A Tool for Breaking the Mold
So, what’s the fix? Springboards has built a tool for creative professionals, like people in advertising and marketing, to help them brainstorm. It lets you pull in ideas from different models, including the big ones like ChatGPT and Claude, and mix and match the parts you like.
They’re pitching Flint as the wild card in the deck—the model you turn to when you need a jolt of genuine variety.
Zoe Scaman, founder of the strategy firm Bodacious, has been using it. “I find it really useful for throwing me in completely different directions,” she says. “I use it if I want to catapult myself all over the place.”
She tested it with a classic business school problem: How would you reinvent a finance company for young people? The mainstream models all gave her the same predictable advice: teach financial literacy in a fun and funky way. Yawn.
But Flint came up with something else entirely. It suggested rebranding the entire concept of wealth accumulation. “That was really interesting,” Zoe says. She’s quick to point out that Flint is still a prototype and can sometimes stumble, but "the premise behind it is really powerful.”
How to Build a More Random AI
You might be thinking, "Don't these AIs already have a randomness setting?" They do. It’s usually called “temperature.”
“Obviously, that was one of the first things we explored,” says Kieran. “If you want more creativity, you turn up the temperature.”
But it’s not that simple. Cranking up the temperature is like turning all the dials on a soundboard to 11. Sure, it’s louder, but it’s also a mess. Kieran found that maxing out the temperature on some models made them spit out incoherent nonsense, sometimes switching from English to computer code mid-sentence.
The team at Springboards realized they needed a more surgical approach. You don’t want randomness everywhere; you just want it at key moments. Think about the prompt, “Where should I go in Europe?” You only need a spark of creativity right before the model names a destination, not for every single word in the sentence.

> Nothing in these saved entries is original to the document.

Lemma box_rep_bag_colouring : box_rep e k.+1.
Proof.
exists box_lo, box_hi; split=> [v i | u v /eqP neq_uv].
  rewrite /box_lo /box_hi; case: (unlift ord0 i) => [j|]; first exact: colour_lo_le_hi.
  exact/Rlt_le/node_lo_lt_hi.
split=> [euv i | meet_all].
  rewrite /box_lo /box_hi; case: (unlift ord0 i) => [j|]; first exact: colour_meet_edge.
  have [i' /andP [ui vi]] := X_edge euv.
  have := node_lo_lt_hi (top_bag u); have := node_lo_lt_hi (top_bag v).
  by case/orP: (top_bags_comparable ui vi) => /node_ancestor_sub; lra.
apply/idPn => not_euv.
have := meet_all ord0; rewrite /box_lo /box_hi unlift_none => -[meet0 meet0'].
have [tu_tv|tv_tu] : ancestor (top_bag u) (top_bag v) \/ ancestor (top_bag v) (top_bag u).
  apply/orP; apply/idPn; rewrite negb_or => /andP [not_uv not_vu].
  by have := node_incomparable_disjoint not_uv not_vu; lra.
- apply: colour_separate_nonedge not_euv neq_uv tu_tv _.
  by have := meet_all (lift ord0 (col u)); rewrite /box_lo /box_hi liftK.
- apply: (colour_separate_nonedge (u := v) (v := u)) tv_tu _; rewrite 1?e_sym 1?eq_sym //.
  by apply: meets_sym; have := meet_all (lift ord0 (col v)); rewrite /box_lo /box_hi liftK.
Qed.

End BoxRepresentation.

End TreeDecomposition.

End RootedTree.

Lemma box_rep_tree_decomposition (T I : finType) (e : rel T) (t : rel I) (X : I -> {set T}) :
  symmetric e -> tree_decomposition e t X -> box_rep e (\max_i #|X i|).+1.
Proof.
move=> e_sym [[I_gt0 [t_sym [_ [t_conn _]]]] X_cover X_edge X_path].
have [r _] := card_gt0P I_gt0.
have X_small i : #|X i| <= \max_i #|X i| by apply: leq_bigmax.
have [k0|k_gt0] := posnP (\max_i #|X i|).
  have T_empty (v : T) : False.
    have [i vi] := X_cover v; have := X_small i; rewrite k0 leqn0 cards_eq0 => /eqP Xi0.
    by rewrite Xi0 inE in vi.
  by exists (fun _ _ => R0), (fun _ _ => R0); split=> [v|v]; case: (T_empty v).
have [col col_ok] := exists_bag_colouring t_sym (t_conn r) X_cover X_path k_gt0 X_small.
exact: (box_rep_bag_colouring t_sym (t_conn r) X_cover X_path e_sym col_ok X_edge).
Qed.

Lemma exists_least_nat (P : nat -> Prop) :
  (exists n, P n) -> exists n, P n /\ forall m, P m -> n <= m.
Proof.
move=> exP; have [n [[Pn n_min] _]] :=
  dec_inh_nat_subset_has_unique_least_element P (fun n => classic (P n)) exP.
by exists n; split=> // m /n_min /leP.
Qed.

Lemma tree_decomposition_single_bag (T : finType) (e : rel T) :
  tree_decomposition e (fun _ _ : unit => false) (fun _ => [set: T]).
Proof.
split=> [|v|u v _|i j k _]; last by apply: subsetT.
- split; first by rewrite card_unit.
  split=> //; split=> //; split=> [[] []|]; first exact: connect0.
  by move=> x [|a p] //=.
- by exists tt; rewrite inE.
- by exists tt; rewrite !inE.
Qed.

Lemma exists_min_width_tree_decomposition (T : finType) (e : rel T) :
  exists (I : finType) (t : rel I) (X : I -> {set T}), tree_decomposition e t X /\
    forall (I' : finType) (t' : rel I') (X' : I' -> {set T}),
      tree_decomposition e t' X' -> \max_i #|X i| <= \max_i #|X' i|.
Proof.
pose has_td n := exists (I : finType) (t : rel I) (X : I -> {set T}),
  tree_decomposition e t X /\ \max_i #|X i| = n.
have [|n [[I [t [X [td <-]]]] n_min]] := exists_least_nat (P := has_td).
  exists (\max_(i : unit) #|[set: T]|), unit, (fun _ _ => false), (fun _ => [set: T]).
  by split; first exact: tree_decomposition_single_bag.
by exists I, t, X; split=> // I' t' X' td'; apply: n_min; exists I', t', X'.
Qed.

Theorem theorem2 (T : finType) (e : rel T) :
  simple_graph e ->
  exists (bx : nat) (tw : int),
    [/\ is_boxicity e bx, is_treewidth e tw & (Posz bx <= tw + 2)%R].
Proof.
move=> [e_sym _].
have [I [t [X [td X_min]]]] := exists_min_width_tree_decomposition e.
have box_td := box_rep_tree_decomposition e_sym td.
have [bx [box_bx bx_min]] := exists_least_nat (ex_intro _ _ box_td).
exists bx, (td_width X); split.
- by split.
- split=> [|I' t' X' /X_min]; first by exists I, t, X.
  by rewrite /td_width; lia.
- by have := bx_min _ box_td; rewrite /td_width; lia.
Qed.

So, they took an open-source model from Alibaba (Qwen 3) and trained it to do just that: identify the specific points in a sentence where a little variety would make a big difference, and then insert a slightly more unexpected word or phrase.

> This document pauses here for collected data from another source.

(* Let $(X,d)$ be a geometrically doubling metric space, $E\subseteq X$, $m\in\mathbb{Z}$, and $0<b_0\le B_0<\infty$, $\delta\in(0,1)$ with $12B_0\delta\le b_0$. Let $\{x^k_\alpha\}_{k\in\mathbb{Z},\alpha}$ be points of $X$ satisfying: (1) for all $k\in\mathbb{Z}$: $d(x^k_\alpha,x^k_\beta)\ge b_0\delta^k$ for $\alpha\ne\beta$, and $\min_\alpha d(x,x^k_\alpha)<B_0\delta^k$ for all $x\in X$; (2) for all $k\ge m$ and both $F\in\{E,X\setminus E\}$: $\min_{\alpha: x^k_\alpha\in F} d(x,x^k_\alpha)<B_0\delta^k$ for all $x\in F$; (3) for all $k\ge m$ and both $F\in\{E,X\setminus E\}$: $\operatorname{dist}(x^k_\alpha,X\setminus F)\ge b_0\delta^k$ whenever $x^k_\alpha\in F$; (4) there is exactly one index $\alpha_0$ with $x^m_{\alpha_0}\in E$. Let $\le$ be a dyadic partial order on the index pairs (with $c_0=b_0$, $C_0=B_0$) such that whenever $k\ge m$ and $(\ell,\beta)\le(k,\alpha)$, the points $x^\ell_\beta$ and $x^k_\alpha$ lie in the same set $F\in\{E,X\setminus E\}$. For each $\alpha$ define $\bar Q^m_\alpha=\overline{\{x^\ell_\beta:(\ell,\beta)\le(m,\alpha)\}}$ and $\tilde Q^m_{\alpha_0}=X\setminus\bigcup_{\gamma\ne\alpha_0}\bar Q^m_\gamma$. Then $\tilde Q^m_{\alpha_0}\subseteq E\subseteq\bar Q^m_{\alpha_0}$.
   Context: Notation: $\operatorname{dist}(x,A)=\inf_{a\in A}d(x,a)$; closures are taken in $X$. Given points $\{x^k_\alpha\}$ and constants $\delta\in(0,1)$, $0<c_0\le C_0$, a dyadic partial order is a partial order $\le$ on the index pairs $(k,\alpha)$ such that: (a) every $(k+1,\beta)$ satisfies $(k+1,\beta)\le(k,\alpha)$ for exactly one $\alpha$; (b) for $\ell\le k$, $(\ell,\beta)\le(k,\alpha)$ iff $\ell=k$ and $\beta=\alpha$; (c) for $\ell>k$, $(\ell,\beta)\le(k,\alpha)$ iff there exist $\eta_k=\alpha,\eta_{k+1},\dots,\eta_\ell=\beta$ with $(j+1,\eta_{j+1})\le(j,\eta_j)$ for all $j\in\{k,\dots,\ell-1\}$; (d) $d(x^{k+1}_\beta,x^k_\alpha)<\tfrac12c_0\delta^k \Rightarrow (k+1,\beta)\le(k,\alpha)\Rightarrow d(x^{k+1}_\beta,x^k_\alpha)<C_0\delta^k$. A space is geometrically doubling if there is $A_1\in\mathbb{N}$ such that every open ball $B(x,r)=\{y:d(x,y)<r\}$ can be covered by at most $A_1$ open balls of radius $r/2$. *)

From Stdlib Require Import Reals ZArith List.
Open Scope R_scope.

Definition is_metric {X : Type} (d : X -> X -> R) : Prop :=
  (forall x y, 0 <= d x y) /\
  (forall x y, d x y = 0 <-> x = y) /\
  (forall x y, d x y = d y x) /\
  (forall x y z, d x z <= d x y + d y z).

Definition ball {X : Type} (d : X -> X -> R) (x : X) (r : R) (y : X) : Prop :=
  d x y < r.

Definition geom_doubling {X : Type} (d : X -> X -> R) : Prop :=
  exists A1 : nat, forall (x : X) (r : R),
    exists cs : list X, (length cs <= A1)%nat /\
      forall y, ball d x r y -> exists c, In c cs /\ ball d c (r / 2) y.

Definition closure {X : Type} (d : X -> X -> R) (S : X -> Prop) (y : X) : Prop :=
  forall eps, 0 < eps -> exists z, S z /\ d y z < eps.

Maximilian Weigl, a cofounder at the marketing firm Uncommon, says his team uses Flint right alongside the big players. “Flint’s programmed to throw an oddball in. It’s more of an invitation to think wider,” he says. “You can’t really create something boundary-breaking with tools that pull you back to the average.”
Do We Always Need the Oddball?
Of course, nine times out of ten, the average is perfectly fine. Weigl is the first to admit that you don’t always need to reach for the creative extreme. “Most people are fine with good enough,” he says. “They want to see mass-market familiar things.”
He also offers a crucial warning against relying too heavily on any AI, Flint included. “If I saw people on my team copy-pasting something from AI, I’d be like, ‘That’s not your job! Think, talk to other people, use your own voice.’”
And that’s really the heart of it. The goal here isn’t to replace human creativity but to augment it. For now, Flint is aimed at advertisers, but the problem of AI sameness affects all of us.
Pip and his team want to give people a choice. Sometimes you need the reliable, predictable answer. But other times, you need a spark—a weird, unexpected idea to get your own creative juices flowing. “Variety is great when you’re trying to spark ideas,” he says. “Let’s go down this route instead of letting the machines do it all and ending up in a gray, boring world.”